Print Recipe
Peking Roast
 
recipe image
Prep Time: 15 Minutes
Cook Time: 360 Minutes
Ready In: 375 Minutes
Servings: 12
It seems that there are several versions of this recipe floating around. I have the clipping from Heloise's column side by side with a hand written recipe card with some variations. I've had both recipes for many years. Here's the versions from the recipe card. I've always made it this way and it's delicious. This is a great way to prepare the less expensive cuts of beef. Mixing two different cuts of beef imparts a blend of flavors that is very tasty.
Ingredients:
3 -5 lbs beef (use two different cuts such as chuck, boiling beef, brisket, etc.)
garlic, and
onion, slivers
1 cup vinegar
2 -3 tablespoons peanut oil
2 cups coffee, brewed strongly
1/2 cup gin (or whisky)
salt and pepper
Directions:
1. Take 2 cuts of beef and make deep slits in the meat.
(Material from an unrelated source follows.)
(* In any execution of Algorithm $\mathsf{AG}$ (described in the context) with a guild, every process in the maximal guild sends a $\mathrm{DistributeT}$ message.
   Context: System model: a finite set $\mathcal{P}=\{p_1,\dots,p_n\}$ of processes communicating asynchronously over authenticated point-to-point links; every message sent from a correct process to a correct process is eventually delivered. A process that follows its protocol is correct; others (faulty, Byzantine) may behave arbitrarily. $F\subseteq\mathcal{P}$ denotes the (unknown) set of faulty processes of an execution. For $\mathcal{A}\subseteq 2^{\mathcal{P}}$, write $\mathcal{A}^*=\{A' : A'\subseteq A,\ A\in\mathcal{A}\}$. An asymmetric fail-prone system is an array $\mathbb{F}=[\mathcal{F}_1,\dots,\mathcal{F}_n]$ with $\mathcal{F}_i\subseteq 2^{\mathcal{P}}$. An asymmetric Byzantine quorum system for $\mathbb{F}$ is an array $\mathbb{Q}=[\mathcal{Q}_1,\dots,\mathcal{Q}_n]$ with $\mathcal{Q}_i\subseteq 2^{\mathcal{P}}$ (quorums for $p_i$) satisfying: (consistency) for all $i,j$, all $Q_i\in\mathcal{Q}_i$, $Q_j\in\mathcal{Q}_j$, $F_{ij}\in\mathcal{F}_i^*\cap\mathcal{F}_j^*$: $Q_i\cap Q_j\not\subseteq F_{ij}$; (availability) for all $i$ and $F_i\in\mathcal{F}_i$ there is $Q_i\in\mathcal{Q}_i$ with $F_i\cap Q_i=\emptyset$. A kernel for $p_i$ is a set $K\subseteq\mathcal{P}$ intersecting every $Q\in\mathcal{Q}_i$; $\mathcal{K}_i$ is the set of kernels for $p_i$. A correct process $p_i$ is wise if $F\in\mathcal{F}_i^*$. A guild is a set $\mathcal{G}$ of wise processes such that every $p_i\in\mathcal{G}$ has some $Q_i\in\mathcal{Q}_i$ with $Q_i\subseteq\mathcal{G}$. An execution with a guild is one in which a nonempty guild exists; the maximal guild $\mathcal{G}_{max}$ is the union of all guilds. Asymmetric reliable broadcast (arb-broadcast / arb-deliver) guarantees, in every execution with a guild: if a correct process arb-broadcasts $m$, every process of $\mathcal{G}_{max}$ eventually arb-delivers $m$; for each sender, all processes of $\mathcal{G}_{max}$ that arb-deliver from it deliver the same message; if some process of $\mathcal{G}_{max}$ arb-delivers a message from a sender, all processes of $\mathcal{G}_{max}$ eventually arb-deliver a message from that sender; a correct process arb-delivers at most one message per sender, and from a correct sender only a message it arb-broadcast. Algorithm $\mathsf{AG}$ (code of $p_i$; each correct process invokes ag-propose$(x_i)$ exactly once; each guarded ''upon there being ...'' action executes at most once, message handlers once per message). State: sets $S_i,T_i,U_i$ initially empty, boolean $sentT$ initially false. (1) Upon ag-propose$(x_i)$: arb-broadcast $(p_i,x_i)$. (2) Upon arb-delivering $(p_j,x_j)$ from $p_j$: $S_i\gets S_i\cup\{(p_j,x_j)\}$. (3) Upon there being $Q\in\mathcal{Q}_i$ such that for every $p_j\in Q$ some pair $(p_j,\cdot)\in S_i$: send $\langle\mathrm{DistributeS},p_i,S_i\rangle$ to all. (4) For a received $\langle\mathrm{DistributeS},p_j,S_j\rangle$: once $S_j\subseteq S_i$, provided $sentT$ is false at that moment, set $T_i\gets T_i\cup S_j$ and send $\langle\mathrm{Ack},p_i\rangle$ to $p_j$. (5) Upon Ack received from every member of some $Q\in\mathcal{Q}_i$: send Ready to all. (6) Upon Ready received from every member of some $Q\in\mathcal{Q}_i$: send Confirm to all. (7) Upon Confirm received from every member of some $K\in\mathcal{K}_i$: send Confirm to all. (8) Upon Confirm received from every member of some $Q\in\mathcal{Q}_i$: send $\langle\mathrm{DistributeT},p_i,T_i\rangle$ to all and set $sentT\gets$ true. (9) For a received $\langle\mathrm{DistributeT},p_j,T_j\rangle$ from $p_j$: once $T_j\subseteq S_i$, set $U_i\gets U_i\cup T_j$. (10) Upon DistributeT received from every member of some $Q\in\mathcal{Q}_i$: ag-deliver$(U_i)$. *)

From Stdlib Require Import List.
From mathcomp Require Import all_boot.
Set Implicit Arguments. Unset Strict Implicit. Unset Printing Implicit Defensive.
2. Insert slivers of garlic and onions.
3. Marinate beef in 1 cup vinegar for 24 - 48 hours.
4. When ready to cook, discard the vinegar.
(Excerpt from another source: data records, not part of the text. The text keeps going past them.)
(* Consider the objective $$\Phi(w,u)=\frac1n\sum_{i=1}^n\Big[-L\big(y_i,f(w,u)(x^i)\big)+\sum_{r=1}^K f_r(w,u)(x^i)\Big]+\epsilon\Big(\sum_{r,l}w_{r,l}+\sum_{l,m}u_{lm}\Big),\quad\epsilon>0,$$ for a family of functions $f_r(w,u)(x)$, $r\in[K]$, that are twice continuously differentiable in $(w,u)$ on a neighbourhood of $B_{++}$ and whose first and second partial derivatives in the entries of $(w,u)$ are nonnegative there. Suppose there exist constants $C_w,C_u,M_{w,w},M_{w,u},M_{u,w},M_{u,u}>0$ such that for every $x\in\{x^1,\dots,x^n\}$, every $(w,u)\in B_{++}$, all $r,s\in[K]$, $t,b'\in[n_1]$ (indices for $w$) and $a\in[n_1]$, $b\in[d]$, $a'\in[n_1]$, $b''\in[d]$ (indices for $u$): $$\sum_{t}w_{s,t}\frac{\partial f_r(x)}{\partial w_{s,t}}\le C_w,\qquad \sum_{a,b}u_{ab}\frac{\partial f_r(x)}{\partial u_{ab}}\le C_u,$$ $$\sum_t w_{s,t}\frac{\partial^2 f_r(x)}{\partial w_{s,t}\partial w_{q,b'}}\le M_{w,w}\frac{\partial f_r(x)}{\partial w_{q,b'}},\qquad \sum_{a,b}u_{ab}\frac{\partial^2 f_r(x)}{\partial u_{ab}\partial w_{q,b'}}\le M_{w,u}\frac{\partial f_r(x)}{\partial w_{q,b'}},$$ $$\sum_t w_{s,t}\frac{\partial^2 f_r(x)}{\partial w_{s,t}\partial u_{a'b''}}\le M_{u,w}\frac{\partial f_r(x)}{\partial u_{a'b''}},\qquad \sum_{a,b}u_{ab}\frac{\partial^2 f_r(x)}{\partial u_{ab}\partial u_{a'b''}}\le M_{u,u}\frac{\partial f_r(x)}{\partial u_{a'b''}}$$ (for all $q\in[K]$). Then $F=G^\Phi$ is well defined on $B_{++}$ and $F$ and the matrix $$A=2\,\mathrm{diag}(p_w'-1,\dots,p_w'-1,p_u'-1)\begin{pmatrix}(2C_w+M_{w,w})\mathbf{1}\mathbf{1}^T & (2C_u+M_{w,u})\mathbf{1}\\ (2C_w+M_{u,w})\mathbf{1}^T & 2C_u+M_{u,u}\end{pmatrix}\in\mathbb{R}^{(K+1)\times(K+1)}$$ (with $\mathbf{1}\in\mathbb{R}^K$ the all-ones vector) satisfy, for all $i,k\in[K]$, $j,a\in[n_1]$, $b\in[d]$, $(w,u)\in B_{++}$: $$\langle|\nabla_{w_k}F_{w_{i,j}}|,w_k\rangle\le A_{i,k}F_{w_{i,j}},\ \langle|\nabla_u F_{w_{i,j}}|,u\rangle\le A_{i,K+1}F_{w_{i,j}},\ \langle|\nabla_{w_k}F_{u_{ab}}|,w_k\rangle\le A_{K+1,k}F_{u_{ab}},\ \langle|\nabla_u F_{u_{ab}}|,u\rangle\le A_{K+1,K+1}F_{u_{ab}}.$$
   Context: Data $(x^i,y_i)\in\mathbb{R}^d_+\times[K]$, $i\in[n]$. $w\in\mathbb{R}^{K\times n_1}$ with rows $w_1,\dots,w_K$, $u\in\mathbb{R}^{n_1\times d}$. Loss $L(y,f(x))=-f_y(x)+\log\sum_{j=1}^K e^{f_j(x)}$. $V_{++}=\mathbb{R}^{K\times n_1}_{++}\times\mathbb{R}^{n_1\times d}_{++}$; given $p_w,p_u\in(1,\infty)$, $\rho_w,\rho_u>0$, $B_{++}=\{(w,u)\in V_{++}:\|u\|_{p_u}\le\rho_u,\ \|w_i\|_{p_w}\le\rho_w\ \forall i\}$ (entrywise norms). For $p\in(1,\infty)$, $p'=p/(p-1)$, $\psi_p(z)=\operatorname{sign}(z)|z|^{p-1}$ componentwise; $$G^{\Phi}(w,u)=\Big(\tfrac{\rho_w\psi_{p_w'}(\nabla_{w_1}\Phi)}{\|\psi_{p_w'}(\nabla_{w_1}\Phi)\|_{p_w}},\dots,\tfrac{\rho_w\psi_{p_w'}(\nabla_{w_K}\Phi)}{\|\psi_{p_w'}(\nabla_{w_K}\Phi)\|_{p_w}},\tfrac{\rho_u\psi_{p_u'}(\nabla_u\Phi)}{\|\psi_{p_u'}(\nabla_u\Phi)\|_{p_u}}\Big)(w,u),$$ whose components are denoted $F_{w_{i,j}}$, $F_{u_{ab}}$. $|\cdot|$ is the entrywise absolute value, $\langle\cdot,\cdot\rangle$ the Frobenius inner product, all quantities evaluated at $(w,u)$. *)

From Stdlib Require Import Reals ClassicalEpsilon.
From mathcomp Require Import all_boot.
Set Implicit Arguments.
Unset Strict Implicit.
Unset Printing Implicit Defensive.
Local Open Scope R_scope.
5. Brown in hot oil until nearly burned on both sides.
6. Pour 2 cups of coffee over the beef, add 2 cups of water and cover.
7. Cook slowly at a simmer for 6 hours.
8. Do not add any seasonings until the last 20 minutes , then add salt and pepper.
9. 1/2 cup of gin or whisky may be added to the boiling mixture.
10. Additional water may be needed while cooking.
11. (Although this was originally a stove top method of cooking, it certainly could be cooked in a crock pot after having been browned.).